**WHAT IS EXPECTED:** Copy out every line of the records in which "ffunE" can be found.

Saved data entries:
++++++++++

Lemma kdiff_anticomm a b (c : KV) : kdiff a (kdiff b c) + kdiff b (kdiff a c) = 0.
Proof.
pose T (a b : 'I_r -> S) (J : {set 'I_r}) (j k : 'I_r) : V :=
  if (j \notin J) && (k \notin j |: J) then
    (sg J j * a j * (sg (j |: J) k * b k)) *: c (k |: (j |: J)) else 0.
have diff_diffE a' b' (J : {set 'I_r}) : kdiff a' (kdiff b' c) J = \sum_j \sum_k T a' b' J j k.
  rewrite ffunE big_mkcond; apply: eq_bigr => j _ /=.
  case: ifP => jJ; last by rewrite big1 // => k _; rewrite /T jJ.
  rewrite ffunE scaler_sumr big_mkcond; apply: eq_bigr => k _ /=.
  by rewrite /T jJ /=; case: ifP; rewrite ?scaler0 // scalerA.
apply/ffunP=> J; rewrite ffunE !diff_diffE [X in _ + X = _]exchange_big -big_split ffunE.
apply: big1 => j _; rewrite -big_split; apply: big1 => k _ /=.
rewrite /T !inE !negb_or.
case jJ: (j \in J); case kJ: (k \in J); rewrite ?andbF ?addr0 //=.
case: (eqVneq k j) => [->|kj]; rewrite ?eqxx ?andbF ?addr0 //=.
rewrite setUCA -scalerDl mulrACA (ksign_antisym (negbT jJ) (negbT kJ)) 1?eq_sym //.
by rewrite (_ : _ + _ = 0) ?scale0r //; ring.
Qed.

Lemma kdiff_wedge a u (c : KV) :
  kdiff a (kwedge u c) + kwedge u (kdiff a c) = (\sum_k u k * a k) *: c.
Proof.
apply/ffunP=> J; rewrite ffunE [RHS]ffunE.
have diff_wedgeE : kdiff a (kwedge u c) J = \sum_(j | j \notin J)
   ((sg J j * a j * (sg J j * u j)) *: c J + \sum_(t in J)
     (sg J j * a j * (sg (j |: (J :\ t)) t * u t)) *: c (j |: (J :\ t))).
  rewrite ffunE; apply: eq_bigr => j jJ.
  rewrite ffunE (big_setU1 _ jJ) /= setU1K // scalerDr scaler_sumr scalerA.
  congr (_ + _); apply: eq_bigr => t tJ; rewrite scalerA.
  suff -> : (j |: J) :\ t = j |: (J :\ t) by [].
  apply/setP=> x; rewrite !inE; case: (eqVneq x t) => [->|] //=.
  by case: (eqVneq t j) => [ejt|//]; rewrite -ejt tJ in jJ.
have wedge_diffE : kwedge u (kdiff a c) J = \sum_(t in J)
   ((sg (J :\ t) t * u t * (sg (J :\ t) t * a t)) *: c J + \sum_(j | j \notin J)
     (sg (J :\ t) t * u t * (sg (J :\ t) j * a j)) *: c (j |: (J :\ t))).
  rewrite ffunE; apply: eq_bigr => t tJ.
  rewrite ffunE (bigD1 t) ?inE ?eqxx //= setD1K // scalerDr scaler_sumr scalerA.
  congr (_ + _); apply: eq_big => [j|j _]; last by rewrite scalerA.
  by rewrite !inE; case: (eqVneq j t) => [->|]; rewrite ?tJ ?andbT.
rewrite diff_wedgeE wedge_diffE !big_split /= addrACA.
rewrite [X in _ + X](_ : _ = 0) ?addr0.
  rewrite scaler_suml [RHS](bigID (mem J)) /= addrC.
  by congr (_ + _); apply: eq_big => // k _; rewrite mulrACA ksign_sqr mul1r mulrC.
rewrite [X in _ + X]exchange_big -big_split /=; apply: big1 => j jJ.
rewrite -big_split /=; apply: big1 => t tJ; rewrite -scalerDl.
have jt : j != t by apply: contraNneq jJ => ->.
rewrite -{1}(setD1K tJ) mulrACA ksignU1_swap ?inE ?eqxx ?negb_and ?jJ ?orbT //.
by rewrite (_ : _ + _ = 0) ?scale0r //; ring.
Qed.

Lemma kdiff_delta_sqr p (c : KV) : kdiff (kdelta p) (kdiff (kdelta p) c) = 0.
Proof.
apply/ffunP=> J; rewrite !ffunE; apply: big1 => j _.
rewrite ffunE scaler_sumr; apply: big1 => k; rewrite !inE negb_or => /andP[kj _].
rewrite scalerA /kdelta.
case: (eqVneq k p) => [ekp|kp]; last by rewrite /= !mulr0 scale0r.
case: (eqVneq j p) => [ejp|jp]; last by rewrite /= mulr0 mul0r scale0r.
by rewrite ekp ejp eqxx in kj.
Qed.

Lemma kdiff_delta_eq0 (p : 'I_r) (c : KV) :
  (forall J : {set 'I_r}, p \in J -> c J = 0) -> kdiff (kdelta p) c = 0.
Proof.
move=> hc; apply/ffunP=> J; rewrite !ffunE; apply: big1 => j _.
case: (eqVneq j p) => [->|ne]; first by rewrite hc ?setU11 ?scaler0.
by rewrite /kdelta (negbTE ne) mulr0 scale0r.
Qed.

(* The map induced on /\G (x) V by the basis change e_p |-> e_p + u, for
   [u p = 0]. *)
Definition kshear u p (c : KV) : KV := c + kwedge u (kdiff (kdelta p) c).

Lemma kshear_is_linear u p : linear (kshear u p).
Proof. by move=> s c d; rewrite /kshear !linearP scalerDr addrACA. Qed.
HB.instance Definition _ u p :=
  GRing.isLinear.Build S KV KV *:%R (kshear u p) (kshear_is_linear u p).

Lemma kdiff_kshear h u p (c : KV) : u p = 0 ->
  kdiff (fun k => h k - kdelta p k * \sum_l u l * h l) (kshear u p c) =
  kshear u p (kdiff h c).
Proof.
move=> up; rewrite !kdiffB_delta; set w := \sum_l u l * h l.
have wedgeE (x : KV) : kdiff h (kwedge u x) = w *: x - kwedge u (kdiff h x).
  by rewrite -kdiff_wedge addrK.
have delta_wedgeE (x : KV) : kdiff (kdelta p) (kwedge u x) = - kwedge u (kdiff (kdelta p) x).
  apply/eqP; rewrite -addr_eq0 kdiff_wedge (_ : \sum_k _ = 0) ?scale0r //.
  rewrite (bigD1 p) //= up mul0r add0r big1 // => k kp.
  by rewrite /kdelta (negbTE kp) mulr0.
have delta_diffE (x : KV) : kdiff h (kdiff (kdelta p) x) = - kdiff (kdelta p) (kdiff h x).
  by apply/eqP; rewrite -addr_eq0 kdiff_anticomm.
rewrite /kshear !linearD /= wedgeE delta_wedgeE kdiff_delta_sqr linear0 oppr0 scaler0.
by rewrite delta_diffE linearN opprK subr0 addrA addrAC addrK.
Qed.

++++++++++

**EXERCISE OUTPUT:**
  rewrite ffunE big_mkcond; apply: eq_bigr => j _ /=.
  rewrite ffunE scaler_sumr big_mkcond; apply: eq_bigr => k _ /=.
apply/ffunP=> J; rewrite ffunE !diff_diffE [X in _ + X = _]exchange_big -big_split ffunE.
apply/ffunP=> J; rewrite ffunE [RHS]ffunE.
  rewrite ffunE; apply: eq_bigr => j jJ.
  rewrite ffunE (big_setU1 _ jJ) /= setU1K // scalerDr scaler_sumr scalerA.
  rewrite ffunE; apply: eq_bigr => t tJ.
  rewrite ffunE (bigD1 t) ?inE ?eqxx //= setD1K // scalerDr scaler_sumr scalerA.
apply/ffunP=> J; rewrite !ffunE; apply: big1 => j _.
rewrite ffunE scaler_sumr; apply: big1 => k; rewrite !inE negb_or => /andP[kj _].
move=> hc; apply/ffunP=> J; rewrite !ffunE; apply: big1 => j _.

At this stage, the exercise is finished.